▸ **Exercise description**:
Your answer needs to include each line of the records in which the string "normalize" can be found.

▸ **Data for processing**:
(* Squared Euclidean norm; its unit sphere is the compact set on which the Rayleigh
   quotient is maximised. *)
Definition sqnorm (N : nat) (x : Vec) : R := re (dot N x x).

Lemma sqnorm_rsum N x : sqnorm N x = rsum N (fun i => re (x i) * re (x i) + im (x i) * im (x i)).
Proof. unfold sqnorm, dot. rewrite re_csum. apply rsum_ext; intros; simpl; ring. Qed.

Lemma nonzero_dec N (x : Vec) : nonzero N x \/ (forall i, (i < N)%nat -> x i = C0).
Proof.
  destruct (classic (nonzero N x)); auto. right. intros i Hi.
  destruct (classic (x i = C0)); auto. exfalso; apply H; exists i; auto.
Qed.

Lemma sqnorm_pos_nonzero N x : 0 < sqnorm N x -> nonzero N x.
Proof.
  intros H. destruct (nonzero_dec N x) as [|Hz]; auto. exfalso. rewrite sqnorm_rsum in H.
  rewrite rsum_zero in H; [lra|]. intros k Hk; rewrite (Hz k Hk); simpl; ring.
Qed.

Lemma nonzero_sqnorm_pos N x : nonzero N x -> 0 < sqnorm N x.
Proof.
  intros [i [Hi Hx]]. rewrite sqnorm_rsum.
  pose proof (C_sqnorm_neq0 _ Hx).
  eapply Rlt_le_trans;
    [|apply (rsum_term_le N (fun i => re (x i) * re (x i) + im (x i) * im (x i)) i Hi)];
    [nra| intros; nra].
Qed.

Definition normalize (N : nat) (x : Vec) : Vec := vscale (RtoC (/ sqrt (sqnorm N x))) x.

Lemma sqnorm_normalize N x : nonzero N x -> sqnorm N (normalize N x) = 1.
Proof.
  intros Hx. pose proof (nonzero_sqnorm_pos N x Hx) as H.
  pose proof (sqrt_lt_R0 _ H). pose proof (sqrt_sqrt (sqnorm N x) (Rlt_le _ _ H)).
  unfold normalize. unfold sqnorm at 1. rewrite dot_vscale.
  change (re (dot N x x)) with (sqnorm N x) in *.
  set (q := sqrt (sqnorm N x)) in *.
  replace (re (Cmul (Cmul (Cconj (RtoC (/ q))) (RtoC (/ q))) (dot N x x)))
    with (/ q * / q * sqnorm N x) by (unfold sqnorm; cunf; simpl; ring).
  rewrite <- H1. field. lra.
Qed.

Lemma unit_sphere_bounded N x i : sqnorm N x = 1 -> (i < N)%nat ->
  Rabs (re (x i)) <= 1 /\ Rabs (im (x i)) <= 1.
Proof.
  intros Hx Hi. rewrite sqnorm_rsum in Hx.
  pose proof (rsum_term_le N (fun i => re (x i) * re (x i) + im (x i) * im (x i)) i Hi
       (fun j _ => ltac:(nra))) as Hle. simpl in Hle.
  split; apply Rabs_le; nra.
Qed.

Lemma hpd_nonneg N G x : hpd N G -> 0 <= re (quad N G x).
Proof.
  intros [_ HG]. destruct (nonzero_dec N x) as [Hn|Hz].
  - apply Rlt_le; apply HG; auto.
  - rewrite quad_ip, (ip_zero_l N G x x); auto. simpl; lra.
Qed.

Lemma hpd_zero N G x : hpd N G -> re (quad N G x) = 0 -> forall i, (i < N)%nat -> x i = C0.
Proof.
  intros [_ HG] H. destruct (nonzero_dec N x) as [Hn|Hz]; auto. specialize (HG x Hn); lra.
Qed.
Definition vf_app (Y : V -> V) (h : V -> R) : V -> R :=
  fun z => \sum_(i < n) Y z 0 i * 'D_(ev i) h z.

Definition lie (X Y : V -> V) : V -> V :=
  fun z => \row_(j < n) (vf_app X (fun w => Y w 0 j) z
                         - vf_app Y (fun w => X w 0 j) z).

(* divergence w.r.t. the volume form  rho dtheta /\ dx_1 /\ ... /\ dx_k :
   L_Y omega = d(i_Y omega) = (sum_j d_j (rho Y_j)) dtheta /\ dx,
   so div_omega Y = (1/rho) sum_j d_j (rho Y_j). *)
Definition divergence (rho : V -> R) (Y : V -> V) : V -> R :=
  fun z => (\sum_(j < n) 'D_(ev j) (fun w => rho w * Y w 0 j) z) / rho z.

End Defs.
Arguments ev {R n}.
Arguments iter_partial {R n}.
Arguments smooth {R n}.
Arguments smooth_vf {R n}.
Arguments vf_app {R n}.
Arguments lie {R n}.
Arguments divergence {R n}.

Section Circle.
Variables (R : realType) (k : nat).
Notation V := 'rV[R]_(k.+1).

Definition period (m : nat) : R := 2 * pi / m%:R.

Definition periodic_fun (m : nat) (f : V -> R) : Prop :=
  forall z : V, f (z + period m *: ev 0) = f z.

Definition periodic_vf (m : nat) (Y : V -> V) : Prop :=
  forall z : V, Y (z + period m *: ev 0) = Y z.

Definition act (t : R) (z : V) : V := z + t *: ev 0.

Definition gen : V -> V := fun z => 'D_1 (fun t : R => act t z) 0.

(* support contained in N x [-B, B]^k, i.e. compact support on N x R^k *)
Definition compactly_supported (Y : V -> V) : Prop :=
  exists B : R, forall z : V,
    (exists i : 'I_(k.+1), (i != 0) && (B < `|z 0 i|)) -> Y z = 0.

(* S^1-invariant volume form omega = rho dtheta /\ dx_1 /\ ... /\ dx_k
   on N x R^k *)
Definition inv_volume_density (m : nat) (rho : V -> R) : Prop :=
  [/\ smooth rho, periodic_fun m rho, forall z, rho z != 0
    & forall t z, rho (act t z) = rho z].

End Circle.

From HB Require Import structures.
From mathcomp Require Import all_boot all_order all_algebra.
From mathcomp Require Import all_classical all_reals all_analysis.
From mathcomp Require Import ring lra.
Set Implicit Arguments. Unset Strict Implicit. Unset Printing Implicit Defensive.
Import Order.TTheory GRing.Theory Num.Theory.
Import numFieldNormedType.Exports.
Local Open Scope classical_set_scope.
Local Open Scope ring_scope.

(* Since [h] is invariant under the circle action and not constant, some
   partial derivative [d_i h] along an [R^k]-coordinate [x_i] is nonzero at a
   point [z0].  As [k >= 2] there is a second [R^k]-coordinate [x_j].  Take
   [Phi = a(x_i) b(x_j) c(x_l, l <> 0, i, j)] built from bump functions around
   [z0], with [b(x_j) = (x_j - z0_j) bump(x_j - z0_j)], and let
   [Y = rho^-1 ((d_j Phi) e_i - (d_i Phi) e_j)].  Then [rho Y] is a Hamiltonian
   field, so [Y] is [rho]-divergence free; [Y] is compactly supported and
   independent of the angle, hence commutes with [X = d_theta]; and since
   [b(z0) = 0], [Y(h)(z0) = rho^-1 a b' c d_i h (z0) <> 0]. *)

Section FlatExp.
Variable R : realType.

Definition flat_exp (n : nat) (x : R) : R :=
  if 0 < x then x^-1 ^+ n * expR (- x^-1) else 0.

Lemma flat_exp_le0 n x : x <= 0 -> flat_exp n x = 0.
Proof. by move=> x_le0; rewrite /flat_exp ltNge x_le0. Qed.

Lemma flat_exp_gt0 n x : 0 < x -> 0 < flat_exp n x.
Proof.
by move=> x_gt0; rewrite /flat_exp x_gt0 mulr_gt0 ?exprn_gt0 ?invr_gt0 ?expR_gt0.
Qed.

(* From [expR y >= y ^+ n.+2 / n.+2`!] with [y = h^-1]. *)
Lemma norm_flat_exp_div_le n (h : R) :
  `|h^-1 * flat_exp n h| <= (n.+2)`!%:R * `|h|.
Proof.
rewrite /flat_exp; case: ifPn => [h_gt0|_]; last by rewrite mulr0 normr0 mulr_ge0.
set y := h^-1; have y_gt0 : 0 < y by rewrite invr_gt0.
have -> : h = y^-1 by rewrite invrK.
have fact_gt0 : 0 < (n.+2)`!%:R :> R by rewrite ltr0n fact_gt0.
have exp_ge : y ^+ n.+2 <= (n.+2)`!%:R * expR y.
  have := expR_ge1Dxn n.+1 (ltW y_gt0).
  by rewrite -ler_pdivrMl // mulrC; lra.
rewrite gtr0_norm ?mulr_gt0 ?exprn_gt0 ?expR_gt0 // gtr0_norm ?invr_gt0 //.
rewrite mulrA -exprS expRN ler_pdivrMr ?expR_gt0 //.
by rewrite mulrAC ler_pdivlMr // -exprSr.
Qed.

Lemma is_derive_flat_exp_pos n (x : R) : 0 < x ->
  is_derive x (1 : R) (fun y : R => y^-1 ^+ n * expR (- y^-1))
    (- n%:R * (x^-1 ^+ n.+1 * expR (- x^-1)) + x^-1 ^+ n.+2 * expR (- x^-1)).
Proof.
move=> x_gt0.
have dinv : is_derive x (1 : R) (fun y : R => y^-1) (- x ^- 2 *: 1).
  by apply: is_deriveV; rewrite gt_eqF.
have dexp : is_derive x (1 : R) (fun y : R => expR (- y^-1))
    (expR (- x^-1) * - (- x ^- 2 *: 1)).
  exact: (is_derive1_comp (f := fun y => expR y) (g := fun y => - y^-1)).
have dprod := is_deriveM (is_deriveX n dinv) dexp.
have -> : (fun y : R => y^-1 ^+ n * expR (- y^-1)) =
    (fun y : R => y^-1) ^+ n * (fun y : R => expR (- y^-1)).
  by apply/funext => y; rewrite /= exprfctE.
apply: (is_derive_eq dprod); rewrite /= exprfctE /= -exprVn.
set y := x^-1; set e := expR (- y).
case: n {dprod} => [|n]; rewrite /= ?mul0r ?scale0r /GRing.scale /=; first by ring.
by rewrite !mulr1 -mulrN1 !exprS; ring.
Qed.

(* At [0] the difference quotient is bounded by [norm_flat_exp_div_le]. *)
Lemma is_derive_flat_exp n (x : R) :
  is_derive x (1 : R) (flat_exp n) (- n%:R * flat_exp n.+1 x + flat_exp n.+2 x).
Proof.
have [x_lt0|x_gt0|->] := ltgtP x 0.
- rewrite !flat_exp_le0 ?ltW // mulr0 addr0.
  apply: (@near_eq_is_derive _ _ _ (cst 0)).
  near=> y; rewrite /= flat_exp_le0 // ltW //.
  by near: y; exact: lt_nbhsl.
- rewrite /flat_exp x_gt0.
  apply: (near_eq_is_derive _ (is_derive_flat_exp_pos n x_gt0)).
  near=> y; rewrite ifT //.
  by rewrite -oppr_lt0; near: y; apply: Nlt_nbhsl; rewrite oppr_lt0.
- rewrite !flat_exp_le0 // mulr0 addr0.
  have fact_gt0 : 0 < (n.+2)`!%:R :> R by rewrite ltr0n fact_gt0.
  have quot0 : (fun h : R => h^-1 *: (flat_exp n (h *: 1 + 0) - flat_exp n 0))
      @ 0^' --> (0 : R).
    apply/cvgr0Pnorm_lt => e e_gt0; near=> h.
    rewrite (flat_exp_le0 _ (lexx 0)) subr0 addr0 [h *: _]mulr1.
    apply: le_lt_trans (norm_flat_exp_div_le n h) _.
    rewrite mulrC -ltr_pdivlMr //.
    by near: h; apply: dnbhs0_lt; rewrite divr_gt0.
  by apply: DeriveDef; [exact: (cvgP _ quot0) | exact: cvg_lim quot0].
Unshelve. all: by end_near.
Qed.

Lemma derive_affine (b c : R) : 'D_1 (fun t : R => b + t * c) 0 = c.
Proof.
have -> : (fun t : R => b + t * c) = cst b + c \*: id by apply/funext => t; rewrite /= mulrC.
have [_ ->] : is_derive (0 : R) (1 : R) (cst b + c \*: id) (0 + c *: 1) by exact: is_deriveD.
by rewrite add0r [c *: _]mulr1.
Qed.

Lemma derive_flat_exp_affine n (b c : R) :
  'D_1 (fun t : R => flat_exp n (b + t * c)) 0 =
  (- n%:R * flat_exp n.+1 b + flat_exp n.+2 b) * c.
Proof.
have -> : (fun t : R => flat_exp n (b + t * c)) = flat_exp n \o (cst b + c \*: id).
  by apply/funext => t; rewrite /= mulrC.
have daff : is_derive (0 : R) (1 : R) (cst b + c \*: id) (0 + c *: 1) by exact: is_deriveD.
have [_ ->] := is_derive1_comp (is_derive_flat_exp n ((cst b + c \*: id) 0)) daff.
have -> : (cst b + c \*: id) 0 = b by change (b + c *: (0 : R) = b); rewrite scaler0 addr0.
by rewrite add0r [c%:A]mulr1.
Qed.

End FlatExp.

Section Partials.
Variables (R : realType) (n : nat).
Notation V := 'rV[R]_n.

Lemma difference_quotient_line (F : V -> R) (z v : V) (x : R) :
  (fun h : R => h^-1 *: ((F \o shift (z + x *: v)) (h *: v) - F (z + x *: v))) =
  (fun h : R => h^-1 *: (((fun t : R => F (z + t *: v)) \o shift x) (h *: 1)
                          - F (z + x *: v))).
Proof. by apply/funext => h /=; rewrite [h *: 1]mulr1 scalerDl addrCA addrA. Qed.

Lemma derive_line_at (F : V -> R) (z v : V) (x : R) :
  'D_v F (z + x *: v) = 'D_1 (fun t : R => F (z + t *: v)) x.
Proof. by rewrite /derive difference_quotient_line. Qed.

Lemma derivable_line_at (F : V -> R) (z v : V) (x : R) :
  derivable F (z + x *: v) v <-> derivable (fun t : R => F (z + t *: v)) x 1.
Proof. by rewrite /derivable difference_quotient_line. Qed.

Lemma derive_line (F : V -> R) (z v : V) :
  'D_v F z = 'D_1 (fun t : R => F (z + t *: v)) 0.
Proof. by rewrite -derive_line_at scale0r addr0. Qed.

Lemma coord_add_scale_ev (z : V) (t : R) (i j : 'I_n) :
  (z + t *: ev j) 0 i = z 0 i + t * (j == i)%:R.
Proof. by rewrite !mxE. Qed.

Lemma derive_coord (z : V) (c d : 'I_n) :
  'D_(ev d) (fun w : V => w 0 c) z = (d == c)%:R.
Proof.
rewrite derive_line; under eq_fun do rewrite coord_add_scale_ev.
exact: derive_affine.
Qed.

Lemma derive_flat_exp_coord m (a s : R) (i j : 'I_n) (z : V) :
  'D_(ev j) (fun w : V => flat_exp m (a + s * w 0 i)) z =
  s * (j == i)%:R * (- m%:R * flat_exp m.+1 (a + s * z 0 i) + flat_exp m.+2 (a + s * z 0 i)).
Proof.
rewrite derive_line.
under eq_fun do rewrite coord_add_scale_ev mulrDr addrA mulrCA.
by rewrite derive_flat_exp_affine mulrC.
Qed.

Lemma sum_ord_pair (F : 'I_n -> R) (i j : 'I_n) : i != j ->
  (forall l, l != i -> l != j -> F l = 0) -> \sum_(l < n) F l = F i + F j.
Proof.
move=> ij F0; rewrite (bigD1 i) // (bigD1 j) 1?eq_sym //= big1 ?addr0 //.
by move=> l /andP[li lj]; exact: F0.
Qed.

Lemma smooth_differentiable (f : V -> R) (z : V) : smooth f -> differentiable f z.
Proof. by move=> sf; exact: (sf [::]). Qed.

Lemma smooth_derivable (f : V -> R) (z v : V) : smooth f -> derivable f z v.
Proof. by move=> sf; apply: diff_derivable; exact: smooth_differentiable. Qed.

▸ **The answer**:
Definition normalize (N : nat) (x : Vec) : Vec := vscale (RtoC (/ sqrt (sqnorm N x))) x.
Lemma sqnorm_normalize N x : nonzero N x -> sqnorm N (normalize N x) = 1.
  unfold normalize. unfold sqnorm at 1. rewrite dot_vscale.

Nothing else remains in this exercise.